Carbon Sink sculpture at University of Wyoming: Mining and energy donors have artwork destroyed.

Why Is the University of Wyoming President So Upset About a Sculpture?

Why Is the University of Wyoming President So Upset About a Sculpture?

The state of the universe.
Oct. 31 2012 2:39 PM

The Artwork That Infuriated Big Coal

Academic and artistic freedom, Wyoming-style.

Chris Drury's "Carbon Sink: What Goes Around, Comes Around"
Chris Drury's "Carbon Sink: What Goes Around, Comes Around"

Still from film produced by Ali Grossman.

We’ve got a lot of dead trees in the Rockies. More than usual. As the region has warmed, bark beetle populations have exploded, and they’ve been killing off massive swaths of pine and spruce. It’s hard to miss the damage, and when British landscape artist Chris Drury visited the University of Wyoming campus in Laramie, he proposed to tell the forests’ story in an outdoor sculpture.

Carbon Sink: What Goes Around Comes Around” was installed on the U.W. campus in late 2011. Funded by an anonymous donor and by the state Cultural Trust Fund, it consisted of a 36-foot-wide circle of logs from beetle-killed trees, arranged in a whirlpool pattern around a pile of coal. Drury hoped the sculpture would be left in place until it disintegrated, and the director of the campus art museum said there were “no plans to uninstall it.” It was, Drury said, intended to inspire a conversation.

In May 2012, however, just after most students left campus, Carbon Sink quietly disappeared.


When University of Wyoming graduate Joe Riis inquired about the fate of Carbon Sink, a university vice-president told him that it had been removed due to water damage. But emails recently obtained by Irina Zhorov, an enterprising reporter at Wyoming Public Media, tell a different story.
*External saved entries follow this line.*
Lemma shortest_odd_cycle_odd_cycle (e_irr : irreflexive e) c :
  shortest_odd_cycle c -> odd_cycle e c.
Proof.
move=> sc; apply/and4P; split; [exact: shortest_odd_cycle_uniq | | by case: sc..].
by case: sc => + + _; case: c => [|x [|y [|z s]]] //=; rewrite e_irr.
Qed.

(* Closing each of the two arcs of c between x and y through v gives closed
   walks of lengths [size s1 + 3] and [size s2 + 3], one of which is odd. *)
Lemma shortest_odd_cycle_common_nbr c v x y s1 s2 :
  shortest_odd_cycle c -> c = x :: s1 ++ y :: s2 -> e v x -> e v y ->
  size s1 = 1%N \/ size s2 = 1%N.
Proof.
move=> + Ec vx vy; rewrite {}Ec => -[cyc odd_c min_c].
move: cyc; rewrite /= rcons_cat cat_path /= rcons_path => /and4P[p1 l1 p2 l2].
have /min_c : cycle e (v :: x :: rcons s1 y).
  by rewrite /= vx !rcons_path p1 l1 last_rcons e_sym vy.
have /min_c : cycle e (v :: y :: rcons s2 x).
  by rewrite /= vy !rcons_path p2 l2 last_rcons e_sym vx.
by move: odd_c; rewrite /= !size_rcons /= size_cat /=; lia.
Qed.

Lemma shortest_odd_cycle_no_three_common_nbrs c v x y z s1 t1 t2 :
  shortest_odd_cycle c -> c = x :: s1 ++ y :: t1 ++ z :: t2 ->
  e v x -> e v y -> e v z -> (size c < 5)%N.
Proof.
move=> sc Ec vx vy vz.
have := shortest_odd_cycle_common_nbr sc Ec vx vy.
have : size (s1 ++ y :: t1) = 1%N \/ size t2 = 1%N.
  by apply: (shortest_odd_cycle_common_nbr sc _ vx vz); rewrite Ec -catA.
have : size t1 = 1%N \/ size (t2 ++ x :: s1) = 1%N.
  apply: (shortest_odd_cycle_common_nbr
           (shortest_odd_cycle_rot (size (x :: s1)) sc) _ vy vz).
  by rewrite Ec -cat_cons rot_size_cat /= -!catA.
by case: sc => _ + _; rewrite Ec /= !size_cat /= !size_cat /=; lia.
Qed.

Lemma card_nbrs_on_shortest_odd_cycle c v :
  shortest_odd_cycle c -> (#|[set w in c | e v w]| <= 3)%N.
Proof.
move=> sc; have [short | long] := ltnP (size c) 5.
  have : (#|[set w in c | e v w]| <= #|c|)%N.
    by apply/subset_leq_card/fintype.subsetP => w; rewrite inE => /andP[].
  by have := card_size c; case: sc => _ + _; lia.
apply: (@leq_trans 2) => //; rewrite leqNgt; apply/negP => /card_gt2P[x [y [z [[]]]]].
rewrite !inE => /andP[xc vx] /andP[yc vy] /andP[zc vz] [nxy nyz nzx].
move: sc long yc zc; case/splitPr: xc => c1 c2 sc long yc zc.
have {sc long} [sc long] :
    shortest_odd_cycle (x :: c2 ++ c1) /\ (5 <= size (x :: c2 ++ c1))%N.
  split; first by have := shortest_odd_cycle_rot (size c1) sc; rewrite rot_size_cat.
  by move: long; rewrite /= !size_cat /=; lia.
have {yc} yc : y \in c2 ++ c1.
  by move: yc; rewrite !mem_cat in_cons eq_sym (negbTE nxy) orbC.
have {zc} zc : z \in c2 ++ c1.
  by move: zc; rewrite !mem_cat in_cons (negbTE nzx) orbC.
move: sc long zc; case/splitPr: yc => s1 s2 sc long.
rewrite mem_cat in_cons eq_sym (negbTE nyz) /= => /orP[] zc; move: sc long.
  case/splitPr: zc => u1 u2; rewrite -catA => sc.
  by rewrite leqNgt (shortest_odd_cycle_no_three_common_nbrs sc erefl vx vz vy).
case/splitPr: zc => u1 u2 sc.
by rewrite leqNgt (shortest_odd_cycle_no_three_common_nbrs sc erefl vx vy vz).
Qed.

Lemma card_nbhd_on_shortest_odd_cycle c (S : {set T}) :
  shortest_odd_cycle c -> (#|nbhd e S :&: [set x in c]| <= 3 * #|S|)%N.
Proof.
move=> sc; apply: leq_trans (_ : #|\bigcup_(v in S) [set w in c | e v w]| <= _)%N.
  apply/subset_leq_card/fintype.subsetP => w; rewrite !inE => /andP[/andP[_ /existsP[v]]].
  by case/andP=> vS vw wc; apply/bigcupP; exists v; rewrite ?inE ?wc.
apply: leq_trans (leq_card_bigcup _ _) _; rewrite mulnC -sum_nat_const.
by apply: leq_sum => v _; apply: card_nbrs_on_shortest_odd_cycle.
Qed.

End ShortestOddCycle.

Section Balls.
Variables (T : finType) (e : rel T).
Hypothesis e_sym : symmetric e.

Definition ball (v : T) (r : nat) : {set T} :=
  iter r (fun B => B :|: nbhd e B) [set v].

Lemma card_ballS v r : #|ball v r.+1| = (#|ball v r| + #|nbhd e (ball v r)|)%N.
Proof.
rewrite /= cardsU (_ : _ :&: _ = finset.set0) ?cards0 ?subn0 //.
by apply/setP => w; rewrite !inE; case: (w \in ball v r).
Qed.

Lemma mem_ball_path v r x : x \in ball v r ->
  exists p, [/\ path e v p, last v p = x & (size p <= r)%N].
Proof.
elim: r x => [|r IHr] x /=; first by rewrite inE => /eqP ->; exists [::].
rewrite !inE => /orP[/IHr[p [pp px pr]] | /andP[_ /existsP[u /andP[uB ux]]]].
  by exists p; split=> //; apply: leqW.
have [p [pp pu pr]] := IHr _ uB.
by exists (rcons p x); rewrite rcons_path pp pu ux last_rcons size_rcons.
Qed.

Lemma path_rev_exists v p : path e v p ->
  exists q, [/\ path e (last v p) q, last (last v p) q = v & size q = size p].
Proof.
elim: p v => [|y p IHp] v /=; first by exists [::].
case/andP=> vy /IHp[q [qp qv qs]].
by exists (rcons q v); rewrite rcons_path qp qv e_sym vy last_rcons size_rcons qs.
Qed.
After the university announced the installation of Carbon Sink, Marion Loomis, the president of the Wyoming Mining Association, wrote to a university official and asked: “What kind of crap is this?” Both industry representatives and state legislators weighed in on the sculpture, some threatening the university’s funding in no uncertain terms.

In April, university president Tom Buchanan wrote to the director of the art museum: “Given the controversy that it has generated, it would be best for UW if the fire pit (I’ve forgotten the name of the work) could be considered part of the [removal of other campus artworks] during the summer of 2012.” It was, and today, no trace of it remains.

Buchanan and others have tried to walk back their statements, here and here. But since the installation of Carbon Sink, the Wyoming legislature has passed legislation requiring that art on parts of the university campus must be approved by the state governor and the U.W. School of Energy Resources governing board.

Public art is notoriously controversial. But controversy, in a way, is its very purpose. As Drury suggested, memorials and murals and outdoor sculptures—even, say, creepy 32-foot-high electric-blue horses—are meant to start conversations, even if the conversation is sometimes about how awful they are. A campus- or city-wide conversation without at least a little controversy is clearly leaving somebody out. In the case of Carbon Sink, the conversation barely got started—and almost everyone was left out.

Thomas Hart Benton
Mural by Thomas Hart Benton

Courtesy of Indiana University Archives.

Last week, the Casper Star-Tribune, Wyoming’s statewide paper, opined that “The only way the University of Wyoming could have handled the removal of controversial public art piece ‘Carbon Sink’ any worse is if they would have used the coal and wood from the artwork as a pyre to roast the artist.” (The coal, by the way, was burned for heat.)

Could it have been handled any better?

Consider the case of Thomas Hart Benton’s Indiana murals, which have been displayed at Indiana University in Bloomington since 1940. The 22 panels tell the history of the state, from the Mound Builders to the early 1900s, and they include the bad and the good, for instance placing members of the Ku Klux Klan—which briefly dominated state politics in 1924—in the same panel as a reporter and a printer from the Indianapolis Times, which broke the Klan’s hold on the state (and won a Pulitzer Prize) through its dogged coverage of KKK corruption.

The Klan panel has long been controversial, discomfiting first white viewers and then, when it was displayed on the I.U. campus, drawing complaints from the Black Student Union. In 2002, the union asked that the panel be covered.